Modifying interprotein interactions for controlling heat-induced protein gelation

Globular proteins undergo heat-induced denaturation and eventually gelation at significantly elevated temperatures. The present study provides pathways to control temperature-driven protein gelation, having potential applications in a wide range of fields, from medicine to cosmetics to the food industry. The sol-gel transitions have been directed via modifying interprotein (electrostatic and hydrophobic) interactions by complexation of protein with amphiphiles. The heat-induced gelation of bovine serum albumin protein (anionic) is prevented in the presence of anionic sodium dodecyl sulfate (SDS) surfactant without significantly altering its native conformation. The specific binding of SDS monomers on the oppositely charged sites of protein increases the electrostatic repulsion between protein molecules, thereby suppressing the protein gelation.
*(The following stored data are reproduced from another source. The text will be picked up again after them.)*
(* Let $L$ be a finite-dimensional semisimple Leibniz algebra over $\mathbb{C}$ with a decomposition $L=(\oplus_{i=1}^m\mathfrak{g}_i)\ltimes(\oplus_{k=1}^n I_k)$, where $\mathfrak{g}_1,\dots,\mathfrak{g}_m$ are simple Lie subalgebras whose direct sum is a subalgebra complementary to $I$, and $I=\oplus_{k=1}^n I_k$ is a decomposition into simple $(\oplus_{i=1}^m\mathfrak{g}_i)$-submodules. Let $\Gamma$ be the graph with vertex set $\{\mathfrak{g}_1,\dots,\mathfrak{g}_m\}$ in which distinct $\mathfrak{g}_i,\mathfrak{g}_j$ are joined by an edge if and only if there exists $k$ with $[I_k,\mathfrak{g}_i]=I_k=[I_k,\mathfrak{g}_j]$. Let $\mathrm{B}\Gamma$ be the bipartite graph with vertex classes $\{I_1,\dots,I_n\}$ and $\{\mathfrak{g}_1,\dots,\mathfrak{g}_m\}$, where $I_k$ and $\mathfrak{g}_i$ are joined if and only if $[I_k,\mathfrak{g}_i]=I_k$. Then the following are equivalent: (i) $[I_k,\oplus_{i=1}^m\mathfrak{g}_i]=I_k$ for all $k=1,\dots,n$, and $\Gamma$ is connected; (ii) $\mathrm{B}\Gamma$ is connected.
   Context: A Leibniz algebra is a vector space $L$ with a bilinear bracket satisfying $[[x,y],z]=[[x,z],y]+[x,[y,z]]$. The subspace $I=\mathrm{Span}\langle [x,x]\mid x\in L\rangle$ is an ideal with $[L,I]=0$, $\mathfrak{g}_L=L/I$ is a Lie algebra, and $L$ is semisimple if $\mathfrak{g}_L$ is semisimple; then $L$ has a subalgebra isomorphic to $\mathfrak{g}_L$ complementary to $I$, and $I$ is a module over it via $i.g=[i,g]$. For each $k,i$ one has $[I_k,\mathfrak{g}_i]\in\{I_k,\{0\}\}$. *)

From HB Require Import structures.
From mathcomp Require Import all_boot all_order all_algebra.
From mathcomp Require Export complex.
From mathcomp Require Export reals.

Set Implicit Arguments.
Unset Strict Implicit.
Unset Printing Implicit Defensive.

Import GRing.Theory.
Local Open Scope ring_scope.

(* A finite-dimensional algebra is a vectType L over a field K together with
   a bracket br : L -> L -> L. *)
Section LeibnizDefs.

Variables (K : fieldType) (L : vectType K) (br : L -> L -> L).

Definition bilinear_bracket : Prop :=
  (forall (a : K) (x y z : L), br (a *: x + y) z = a *: br x z + br y z) /\
  (forall (a : K) (x y z : L), br x (a *: y + z) = a *: br x y + br x z).

Definition leibniz_identity : Prop :=
  forall x y z : L, br (br x y) z = br (br x z) y + br x (br y z).

(* [U,V] : the subspace spanned by all brackets [u,v], u in U, v in V
   (by bilinearity it is spanned by brackets of basis vectors) *)
Definition brv (U V : {vspace L}) : {vspace L} :=
  (\sum_(u <- vbasis U) \sum_(v <- vbasis V) <[br u v]>)%VS.

Definition is_square_span (J : {vspace L}) : Prop :=
  (forall x : L, br x x \in J) /\
  (forall U : {vspace L}, (forall x : L, br x x \in U) -> (J <= U)%VS).

(* S is a simple Lie subalgebra of L: closed under the bracket, the restricted
   bracket is alternating (hence, with the Leibniz identity, a Lie bracket),
   S is non-abelian and has no ideals other than 0 and S. *)
Definition simple_Lie_subalgebra (S : {vspace L}) : Prop :=
  [/\ (brv S S <= S)%VS,
      {in S, forall x, br x x = 0},
      brv S S != 0%VS &
      forall J : {vspace L}, (J <= S)%VS -> (brv J S <= J)%VS ->
        J = 0%VS \/ J = S].

(* W is a simple submodule for the subalgebra G, under the action w.g = [w,g] *)
Definition simple_submodule (G W : {vspace L}) : Prop :=
  [/\ W != 0%VS,
      (brv W G <= W)%VS &
      forall U : {vspace L}, (U <= W)%VS -> (brv U G <= U)%VS ->
        U = 0%VS \/ U = W].

Definition gamma_rel (m n : nat) (g : 'I_m -> {vspace L})
    (I : 'I_n -> {vspace L}) : rel 'I_m :=
  fun i j => (i != j) &&
    [exists k, (brv (I k) (g i) == I k) && (brv (I k) (g j) == I k)].

Definition bgamma_rel (m n : nat) (g : 'I_m -> {vspace L})
    (I : 'I_n -> {vspace L}) : rel ('I_n + 'I_m) :=
  fun u v => match u, v with
  | inl k, inr i => brv (I k) (g i) == I k
  | inr i, inl k => brv (I k) (g i) == I k
  | _, _ => false
  end.

End LeibnizDefs.

Definition graph_connected (T : finType) (e : rel T) : Prop :=
  forall x y : T, connect e x y.

From HB Require Import structures.
From mathcomp Require Import all_boot all_order all_algebra.
From mathcomp Require Import complex reals.

Set Implicit Arguments.
Unset Strict Implicit.
Unset Printing Implicit Defensive.

Import GRing.Theory.
Local Open Scope ring_scope.

(* By the Leibniz identity, [I_k, g_i] is a submodule of the simple module
   I_k, hence 0 or I_k; thus [I_k, (+)g] = I_k iff I_k has a neighbour in
   B Gamma, and the equivalence becomes a statement about a bipartite graph
   and the graph of shared neighbours on one side.  The one case this misses
   is B Gamma being the single vertex I_1: then L = I, and as [L, I] = 0 all
   squares vanish, forcing I = 0. *)

Section BipartiteGraph.

Variables (A B : finType) (adj : A -> B -> bool).

Definition bipartite_rel : rel (A + B) := fun u v =>
  match u, v with
  | inl a, inr b | inr b, inl a => adj a b
  | _, _ => false
  end.

Definition common_nbr_rel : rel B :=
  fun b b' => (b != b') && [exists a, adj a b && adj a b'].

Lemma bipartite_rel_sym : symmetric bipartite_rel.
Proof. by case=> [a|b] [a'|b']. Qed.

Lemma connect_common_nbr a b b' :
  adj a b -> adj a b' -> connect common_nbr_rel b b'.
Proof.
move=> ab ab'; have [<-|neq_bb'] := eqVneq b b'; first exact: connect0.
apply: connect1; rewrite /common_nbr_rel neq_bb'.
by apply/existsP; exists a; rewrite ab.
Qed.

Lemma connect_common_nbr_bipartite b b' :
  connect common_nbr_rel b b' -> connect bipartite_rel (inr b) (inr b').
Proof.
case/connectP=> p; elim: p b => [|b1 p IH] b /=.
  by move=> _ ->; apply: connect0.
case/andP=> /andP[_ /existsP[a /andP[ab ab1]]] path_p last_p.
apply: connect_trans (IH _ path_p last_p).
by apply: (connect_trans (y := inl a)); apply: connect1.
Qed.

Definition closed_nbr (u : A + B) (b : B) : bool :=
  if u is inl a then adj a b else u == inr b.

Lemma bipartite_path_common_nbr p u b b' :
  path bipartite_rel u p -> closed_nbr u b -> last u p = inr b' ->
  connect common_nbr_rel b b'.
Proof.
elim: p u b => [|w p IH] [a|b0] b /=; first by [].
- by move=> _ /eqP[->] [->]; apply: connect0.
- case: w => [//|b1] /andP[ab1 path_p] ab last_p.
  apply: connect_trans (connect_common_nbr ab ab1) (IH _ _ path_p _ last_p).
  by rewrite /= eqxx.
- by case: w => [a|//] /andP[ab0 path_p] /eqP[<-]; apply: IH path_p ab0.
Qed.

Lemma bipartite_connected_common_nbr :
  graph_connected bipartite_rel -> graph_connected common_nbr_rel.
Proof.
move=> conn b b'; have /connectP[p path_p last_p] := conn (inr b) (inr b').
by apply: bipartite_path_common_nbr path_p _ (esym last_p); rewrite /= eqxx.
Qed.

Lemma common_nbr_connected_bipartite :
  (forall a, [exists b, adj a b]) ->
  graph_connected common_nbr_rel -> graph_connected bipartite_rel.
Proof.
move=> has_nbr conn.
have to_right u : exists b, connect bipartite_rel u (inr b).
  case: u => [a|b]; last by exists b; apply: connect0.
  by have /existsP[b ab] := has_nbr a; exists b; apply: connect1.
move=> u v; have [b ub] := to_right u; have [b' vb'] := to_right v.
apply: connect_trans ub _.
apply: connect_trans (connect_common_nbr_bipartite (conn b b')) _.
by rewrite (sym_connect_sym bipartite_rel_sym).
Qed.

Lemma bipartite_connected_isolated a :
  graph_connected bipartite_rel ->
  [exists b, adj a b] \/ (forall u : A + B, u = inl a).
Proof.
move=> conn; have [/existsP|no_nbr] := boolP [exists b, adj a b]; first by left.
right=> u; have /connectP[[|[//|b] p] //= /andP[ab _] _] := conn (inl a) u.
by case/existsP: no_nbr; exists b.
Qed.

End BipartiteGraph.

Section SubspaceBracket.

Variables (K : fieldType) (L : vectType K) (br : L -> L -> L).
Hypothesis br_bilinear : bilinear_bracket br.

Definition br_left (z : L) : {linear L -> L} :=
  HB.pack (fun x => br x z)
    (GRing.isLinear.Build K L L *:%R (fun x => br x z)
       (fun a x y => br_bilinear.1 a x y z)).

Definition br_right (x : L) : {linear L -> L} :=
  HB.pack (br x)
    (GRing.isLinear.Build K L L *:%R (br x)
       (fun a y z => br_bilinear.2 a x y z)).

Lemma brZl a x y : br (a *: x) y = a *: br x y.
Proof. exact: linearZ_LR (br_left y) a x. Qed.

Lemma brZr a x y : br x (a *: y) = a *: br x y.
Proof. exact: linearZ_LR (br_right x) a y. Qed.

Lemma br_suml (I : Type) (r : seq I) (P : pred I) (F : I -> L) y :
  br (\sum_(i <- r | P i) F i) y = \sum_(i <- r | P i) br (F i) y.
Proof. exact: (linear_sum (br_left y) r P F). Qed.

Lemma br_sumr (I : Type) (r : seq I) (P : pred I) (F : I -> L) x :
  br x (\sum_(i <- r | P i) F i) = \sum_(i <- r | P i) br x (F i).
Proof. exact: (linear_sum (br_right x) r P F). Qed.

Lemma memv_brv (U V : {vspace L}) u v :
  u \in U -> v \in V -> br u v \in brv br U V.
Proof.
move=> /coord_vbasis-> /coord_vbasis->.
rewrite br_suml; apply: rpred_sum => i _; rewrite brZl; apply: rpredZ.
rewrite br_sumr; apply: rpred_sum => j _; rewrite brZr; apply: rpredZ.
rewrite /brv big_tuple memvE; apply: (sumv_sup i) => //.
rewrite big_tuple; apply: (sumv_sup j) => //.
by rewrite !(tnth_nth 0) -memvE memv_line.
Qed.

Lemma brv_subP (U V W : {vspace L}) :
  reflect (forall u v, u \in U -> v \in V -> br u v \in W)
          (brv br U V <= W)%VS.
Proof.
apply: (iffP idP) => [sUVW u v Uu Vv | brUVW].
  exact: subvP sUVW _ (memv_brv Uu Vv).
rewrite /brv big_seq; elim/big_rec: _ => [|b X Ub sX]; rewrite ?sub0v //.
rewrite subv_add sX andbT big_seq.
elim/big_rec: _ => [|c Y Vc sY]; rewrite ?sub0v // subv_add sY andbT.
by rewrite -memvE brUVW ?vbasis_mem.
Qed.

Lemma brvS (U U' V V' : {vspace L}) :
  (U <= U')%VS -> (V <= V')%VS -> (brv br U V <= brv br U' V')%VS.
Proof.
move=> sUU' sVV'; apply/brv_subP => u v Uu Vv.
by apply: memv_brv; [apply: subvP sUU' _ Uu | apply: subvP sVV' _ Vv].
Qed.

Lemma brv_sumr (I : finType) (U : {vspace L}) (V : I -> {vspace L}) :
  (brv br U (\sum_i V i) <= \sum_i brv br U (V i))%VS.
Proof.
apply/brv_subP => u _ Uu /memv_sumP[v Vv ->]; rewrite br_sumr.
by apply: memv_sumr => i _; apply: memv_brv (Vv i _).
Qed.

End SubspaceBracket.

Section LeibnizModules.

Variables (K : fieldType) (L : vectType K) (br : L -> L -> L).
Hypothesis br_bilinear : bilinear_bracket br.
Hypothesis br_leibniz : leibniz_identity br.

Lemma brv_module (W S G : {vspace L}) :
  (brv br W G <= W)%VS -> (brv br S G <= S)%VS ->
  (brv br (brv br W S) G <= brv br W S)%VS.
Proof.
move=> WG SG; apply/(brv_subP br_bilinear) => z y WSz Gy.
pose right_mul_y := linfun (br_left br_bilinear y).
suff : (brv br W S <= right_mul_y @^-1: brv br W S)%VS.
  by move/subvP/(_ z WSz); rewrite -memv_preim lfunE.
apply/(brv_subP br_bilinear) => w s Ww Ss.
rewrite -memv_preim lfunE /= br_leibniz.
apply: memvD; apply: (memv_brv br_bilinear) => //.
  exact: subvP WG _ (memv_brv br_bilinear Ww Gy).
exact: subvP SG _ (memv_brv br_bilinear Ss Gy).
Qed.

Lemma brv_factor_sum (I : finType) (g : I -> {vspace L}) i :
  (forall j, brv br (g j) (g j) <= g j)%VS ->
  (forall j k, j != k -> brv br (g j) (g k) = 0%VS) ->
  (brv br (g i) (\sum_j g j) <= g i)%VS.
Proof.
move=> closed_g orth_g; apply: subv_trans (brv_sumr br_bilinear _ _) _.
apply/subv_sumP => j _; have [<-|neq_ij] := eqVneq i j; first exact: closed_g.
by rewrite orth_g ?sub0v.
Qed.

Lemma simple_submodule_brv (G W S : {vspace L}) :
  simple_submodule br G W -> (S <= G)%VS -> (brv br S G <= S)%VS ->
  brv br W S = 0%VS \/ brv br W S = W.
Proof.
case=> _ WG simple_W SG SGS; apply: simple_W; last exact: brv_module.
exact: subv_trans (brvS br_bilinear (subvv W) SG) WG.
Qed.

Lemma simple_submodule_brv_sum (I : finType) (g : I -> {vspace L}) W :
  simple_submodule br (\sum_i g i)%VS W ->
  (forall i, brv br (g i) (\sum_j g j) <= g i)%VS ->
  (brv br W (\sum_i g i)%VS == W) = [exists i, brv br W (g i) == W].
Proof.
move=> simple_W ideal_g; have [W0 WG _] := simple_W.
apply/idP/idP => [/eqP WGW | /existsP[i /eqP WgW]].
  apply: contraLR W0 => /existsPn no_i; rewrite negbK -subv0 -{1}WGW.
  apply: subv_trans (brv_sumr br_bilinear _ _) _; apply/subv_sumP => i _.
  have giG := sumv_sup i isT (subvv (g i)).
  have [->|WgW] := simple_submodule_brv simple_W giG (ideal_g i).
    exact: sub0v.
  by have := no_i i; rewrite WgW eqxx.
rewrite eqEsubv WG /= -{1}WgW.
exact: (brvS br_bilinear (subvv W) (sumv_sup i isT (subvv (g i)))).
Qed.

Lemma square_span_annihilated (J : {vspace L}) x j :
  is_square_span br J -> j \in J -> br x j = 0.
Proof.
case=> _ J_min Jj.
have : (J <= lker (linfun (br_right br_bilinear x)))%VS.
  apply: J_min => y; rewrite memv_ker lfunE /=; apply/eqP.
  by apply: (addrI (br (br x y) y)); rewrite addr0 -br_leibniz.
by move/subvP/(_ j Jj); rewrite memv_ker lfunE => /eqP.
Qed.

Lemma square_span_full_eq0 (J : {vspace L}) :
  is_square_span br J -> J = fullv -> J = 0%VS.
Proof.
move=> sqJ Jfull; have [_ J_min] := sqJ; apply/eqP; rewrite -subv0.
apply: J_min => x.
by rewrite (square_span_annihilated _ sqJ) ?mem0v // Jfull memvf.
Qed.

End LeibnizModules.

Theorem corollary3p6 (R : realType) (L : vectType R[i]) (br : L -> L -> L)
    (m n : nat) (g : 'I_m -> {vspace L}) (I : 'I_n -> {vspace L}) :
  bilinear_bracket br ->
  leibniz_identity br ->
  (forall i, simple_Lie_subalgebra br (g i)) ->
  (forall i j, i != j -> brv br (g i) (g j) = 0%VS) ->
  directv (\sum_i g i) ->
  directv (\sum_k I k) ->
  is_square_span br (\sum_k I k)%VS ->
  ((\sum_i g i) :&: (\sum_k I k))%VS = 0%VS ->
  ((\sum_i g i) + (\sum_k I k))%VS = fullv ->
  (forall k, simple_submodule br (\sum_i g i)%VS (I k)) ->
  ((forall k, brv br (I k) (\sum_i g i)%VS = I k) /\
     graph_connected (gamma_rel br g I))
  <-> graph_connected (bgamma_rel br g I).
Proof.
move=> bil leib simple_g orth_g _ _ sqI _ full simple_I.
pose adj k i := brv br (I k) (g i) == I k.
have brIG k : (brv br (I k) (\sum_i g i)%VS == I k) = [exists i, adj k i].
  apply: simple_submodule_brv_sum => // i.
  by apply: brv_factor_sum => // j; have [] := simple_g j.
change (gamma_rel br g I) with (common_nbr_rel adj).
change (bgamma_rel br g I) with (bipartite_rel adj).
split=> [[brIG_eq conn] | conn].
  by apply: common_nbr_connected_bipartite conn => k; rewrite -brIG brIG_eq.
split=> [k|]; last exact: bipartite_connected_common_nbr.
apply/eqP; rewrite brIG.
have [//|isolated] := bipartite_connected_isolated k conn.
have G0 : (\sum_i g i)%VS = 0%VS.
  by rewrite big1 // => i; have := isolated (inr i).
have I_sum : (\sum_k I k)%VS = I k.
  rewrite (bigD1 k) //= big1 ?addv0 // => k' neq_k'k.
  by have [/eqP] := isolated (inl k'); rewrite (negbTE neq_k'k).
have [Ik0 _ _] := simple_I k; move: Ik0.
by rewrite -I_sum (square_span_full_eq0 bil leib sqI) ?eqxx // -full G0 add0v.
Qed.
On the other hand, incorporating nonionic decaoxyethylene $n\ensuremath{-}\mathrm{dodecylether}$ (${\mathrm{C}}_{12}{\mathrm{E}}_{10}$) surfactant along with ionic surfactant reverses this scenario, and the solution state of the bovine serum albumin-SDS system undergoes gelation. The preferential binding of SDS with ${\mathrm{C}}_{12}{\mathrm{E}}_{10}$ nonionic surfactant forms detached mixed micelles, resulting in the release of the SDS monomers from protein, hence reverting the SDS-induced prevention of protein gelation. The results are counterintuitive and explained based on the interplay of hydrophobic and electrostatic interactions among protein molecules, as probed by small-angle neutron scattering, dynamic light scattering, and rheology.